- **YOUR OBJECTIVE**:
After locating the line with "Lemma between_sym n" in the records below, print it and every line after it exactly.

Collected data:
******

Lemma perm_of_total_order (R : rel 'I_n) :
  irreflexive R -> transitive R -> (forall x y, x != y -> R x y || R y x) ->
  {u | forall x y, before u x y = R x y}.
Proof.
move=> Rirr Rtr Rtot; pose rank x := #|[pred y | R y x]|.
have rank_mono x y : R x y -> rank x < rank y.
  move=> Rxy; apply: proper_card; apply/properP; split.
    by apply/subsetP => z; rewrite !inE => Rzx; exact: Rtr Rzx Rxy.
  by exists x; rewrite !inE ?Rirr.
have rank_lt x : rank x < n.
  rewrite -[n]card_ord; apply: proper_card; apply/properP; split; first exact/subsetP.
  by exists x; rewrite !inE ?Rirr.
have rank_inj : injective (fun x => Ordinal (rank_lt x)).
  move=> x y /(congr1 val) /= Exy; apply/eqP; apply/negPn/negP.
  by case/Rtot/orP => /rank_mono; rewrite Exy ltnn.
exists (perm rank_inj)^-1%g => x y; rewrite /before invgK !permE /=.
have [->|xy] := eqVneq x y; first by rewrite ltnn Rirr.
case/orP: (Rtot _ _ xy) => [R_xy | R_yx]; first by rewrite rank_mono.
rewrite ltnNge ltnW ?rank_mono //; apply/esym/negP => R_xy.
by have := Rtr _ _ _ R_xy R_yx; rewrite Rirr.
Qed.

End PositionOrder.

(* The flag r reverses the order on values. This complements inversion sets,
   so the constructions below give the join for r = false and the meet for
   r = true. *)
Definition vlt (r : bool) n (x y : 'I_n) : bool := if r then y < x else x < y.
Definition between n (x b y : 'I_n) : bool := minn x y < b < maxn x y.

Section ValueOrder.
Variables (r : bool) (n : nat).
Implicit Types x y z b : 'I_n.

Lemma vlt_irr x : vlt r x x = false.
Proof. by rewrite /vlt; case: r; rewrite ltnn. Qed.

Lemma vlt_trans x y z : vlt r x y -> vlt r y z -> vlt r x z.
Proof. rewrite /vlt; case: r; lia. Qed.

Lemma vlt_asym x y : vlt r x y -> vlt r y x = false.
Proof. rewrite /vlt; case: r; lia. Qed.

Lemma vlt_total x y : x != y -> vlt r x y || vlt r y x.
Proof. by rewrite -(inj_eq val_inj) neq_ltn /vlt; case: r; rewrite // orbC. Qed.

Lemma vlt_between x b y : vlt r x b -> vlt r b y -> between x b y.
Proof. rewrite /vlt /between; case: r; lia. Qed.

Lemma between_vlt x b y : vlt r x y -> between x b y -> vlt r x b && vlt r b y.
Proof. rewrite /vlt /between; case: r; lia. Qed.

End ValueOrder.

Lemma between_sym n (x b y : 'I_n) : between x b y = between y b x.
Proof. by rewrite /between minnC maxnC. Qed.

Lemma between_neq n (x b y : 'I_n) : between x b y -> (b != x) && (b != y).
Proof.
by move=> bxy; apply/andP; split; apply: contraTneq bxy => ->; rewrite /between; lia.
Qed.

******

- **RESPONSE**:
Lemma between_sym n (x b y : 'I_n) : between x b y = between y b x.
Proof. by rewrite /between minnC maxnC. Qed.

Lemma between_neq n (x b y : 'I_n) : between x b y -> (b != x) && (b != y).
Proof.
by move=> bxy; apply/andP; split; apply: contraTneq bxy => ->; rewrite /between; lia.
Qed.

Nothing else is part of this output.